Proper Data Science techniques will afford governments around the world to better appropraite resources in an attempt to slow the infection, decrease mortality rates, and eradicate the virus.  

<b>No prediction is guarenteed</b>:
    - An appropriate predictive model will save time, money, and lives through proper planning.
    - More location specific data should accurately predict future cases. (ie. City population)
    - More social specific data should accurately predict future cases. (ie.
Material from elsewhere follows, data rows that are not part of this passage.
Lemma tri_offset_inj s y s' y' :
  y <= s -> y' <= s' -> tri s + y = tri s' + y' -> s = s'.
Proof.
  intros Hy Hy' E.
  destruct (Nat.lt_total s s') as [Hlt | [Heq | Hlt]]; [| exact Heq |].
  - pose proof (tri_mono (S s) s' Hlt). simpl in *. lia.
  - pose proof (tri_mono (S s') s Hlt). simpl in *. lia.
Qed.

Lemma npair_inj x y x' y' : npair x y = npair x' y' -> x = x' /\ y = y'.
Proof.
  rewrite !npair_tri. intros E.
  assert (Hs : x + y = x' + y') by (apply (tri_offset_inj _ y _ y'); lia).
  rewrite Hs in E. lia.
Qed.

Lemma le_npair x y : x <= npair x y /\ y <= npair x y.
Proof.
  rewrite npair_tri. pose proof (tri_mono x (x + y)).
  assert (x <= tri x) by (induction x; simpl; lia). lia.
Qed.

(* Successor in the Cantor enumeration of pairs, which runs along each
   diagonal x + y = s from (s, 0) to (0, s). *)
Definition unpair_succ (p : nat * nat) : nat * nat :=
  match p with (0, y) => (S y, 0) | (S x, y) => (x, S y) end.

Fixpoint unpair (z : nat) : nat * nat :=
  match z with 0 => (0, 0) | S z' => unpair_succ (unpair z') end.

Definition pi1 (z : nat) : nat := fst (unpair z).
Definition pi2 (z : nat) : nat := snd (unpair z).

Lemma npair_unpair_succ p :
  npair (fst (unpair_succ p)) (snd (unpair_succ p)) = S (npair (fst p) (snd p)).
Proof.
  destruct p as [[|x] y]; simpl; rewrite !npair_tri.
  - rewrite !Nat.add_0_r. simpl. lia.
  - replace (x + S y) with (S (x + y)) by lia. simpl. lia.
Qed.

Lemma npair_pi z : npair (pi1 z) (pi2 z) = z.
Proof.
  unfold pi1, pi2. induction z as [|z IH]; [reflexivity|].
  simpl. rewrite npair_unpair_succ, IH. reflexivity.
Qed.

Lemma pi1_npair x y : pi1 (npair x y) = x.
Proof. exact (proj1 (npair_inj _ _ x y (npair_pi (npair x y)))). Qed.

Lemma pi2_npair x y : pi2 (npair x y) = y.
Proof. exact (proj2 (npair_inj _ _ x y (npair_pi (npair x y)))). Qed.

#[export] Hint Rewrite pi1_npair pi2_npair : pairing.

Lemma reval_proj_eq i v y : nth i v 0 = y -> reval (RProj i) v y.
Proof. intros <-. constructor. Qed.
(* Consider binary floating-point arithmetic with precision $p\ge 4$ and unit round-off $u=2^{-p}$, operations correctly rounded to nearest ($\mathrm{RN}$), barring overflow and underflow. For floating-point inputs $x,y$ consider the algorithm: if $|x|<|y|$ swap $x$ and $y$; $(s_x^h,s_x^\ell)\gets\mathrm{Fast2Mult}(x,x)$; $(s_y^h,s_y^\ell)\gets\mathrm{Fast2Mult}(y,y)$; $(\sigma_h,\sigma_\ell)\gets\mathrm{Fast2Sum}(s_x^h,s_y^h)$; $s\gets\mathrm{RN}(\sqrt{\sigma_h})$; $\delta_s\gets\mathrm{RN}(\sigma_h-s^2)$; $\tau_1\gets\mathrm{RN}(s_x^\ell+s_y^\ell)$; $\tau_2\gets\mathrm{RN}(\delta_s+\sigma_\ell)$; $\tau\gets\mathrm{RN}(\tau_1+\tau_2)$; $c\gets\mathrm{RN}(\tau/s)$; $\rho_4\gets\mathrm{RN}(c/2+s)$. Then the relative error $|\rho_4/\sqrt{x^2+y^2}-1|$ is bounded by $u+(7+\kappa)u^2$, where $\kappa\le 21.4$ if $u\le 2^{-4}$; $\kappa\le 6.1$ if $u\le 2^{-5}$; $\kappa\le 2.5$ if $u\le2^{-6}$; $\kappa\le 1.2$ if $u\le 2^{-7}$; $\kappa\le 0.6$ if $u\le 2^{-8}$; $\kappa\le 7\cdot10^{-2}$ if $u\le 2^{-11}$; $\kappa\le 8\cdot 10^{-6}$ if $u\le 2^{-24}$; $\kappa\le 2\cdot10^{-14}$ if $u\le 2^{-53}$; $\kappa\le 2\cdot 10^{-32}$ if $u\le 2^{-113}$.
   Context: A radix-2 floating-point number of precision $p$ has the form $M\cdot 2^{e-p+1}$ with integers $|M|\le 2^p-1$ and $e_{\min}\le e\le e_{\max}$. $\mathrm{RN}$ is rounding to nearest (ties-to-even). $\mathrm{Fast2Mult}(a,b)$ returns the pair of floating-point numbers $(h,\ell)$ with $h=\mathrm{RN}(ab)$ and $\ell = ab-h$ exactly; $\mathrm{Fast2Sum}(a,b)$ returns $(h,\ell)$ with $h=\mathrm{RN}(a+b)$ and $\ell=(a+b)-h$ exactly. The computation $\delta_s = \mathrm{RN}(\sigma_h-s^2)$ is done with a single rounding (FMA). *)

(* binary floating-point arithmetic of precision p with an
   unbounded exponent range (no overflow, no underflow). *)
From Stdlib Require Import Reals Lra ZArith List.
Open Scope R_scope.

Definition is_fp (p : Z) (x : R) : Prop :=
  exists M e : Z, x = IZR M * powerRZ 2 (e - p + 1) /\ (Z.abs M <= 2 ^ p - 1)%Z.

(* r has an even integral significand in its normalized representation
   (every nonzero float has a unique normalized one since there is no
   underflow). Zero counts as even. *)
Definition even_fp (p : Z) (r : R) : Prop :=
  r = 0 \/
  exists M e : Z, r = IZR M * powerRZ 2 (e - p + 1) /\
    (2 ^ (p - 1) <= Z.abs M <= 2 ^ p - 1)%Z /\ Z.even M = true.

Definition is_RN (p : Z) (x r : R) : Prop :=
  is_fp p r /\
  (forall f, is_fp p f -> Rabs (x - r) <= Rabs (x - f)) /\
  (forall f, is_fp p f -> f <> r -> Rabs (x - f) = Rabs (x - r) -> even_fp p r).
People's movements)

## Table of Contents

<div class="alert alert-block alert-info" style="margin-top: 20px">

1. [Setting up the Environment](#0)<br>
2. [Combine the *pandas* dataframes](#2)<br>
3. [Analyze correlations and probability values](#4)<br>
4. [Plot the training data analyzing 'ConfirmedCases'](#6)<br>
5. [Build a Long-Term Predictive Model based on Hubei province (Polynomial Regression)](#8)<br>
6. [Generate a Sigmoid Predictive Model based on Hubei Province](#10)<br>
6. [Conclusion](#12) <br>
</div>
<hr>

# Setting up the Environment<a id="0"></a>

The below environment will allow for most machine learning methods to be quickly loaded and incorporated into the project.  Such modules include loading datasets, analyzing and plotting values across various diagrams, optimizating dependencies, and prebuilt machine learning algorithms.  Additional optimization methods can be performed to remove and omit certain modules based on one's given project.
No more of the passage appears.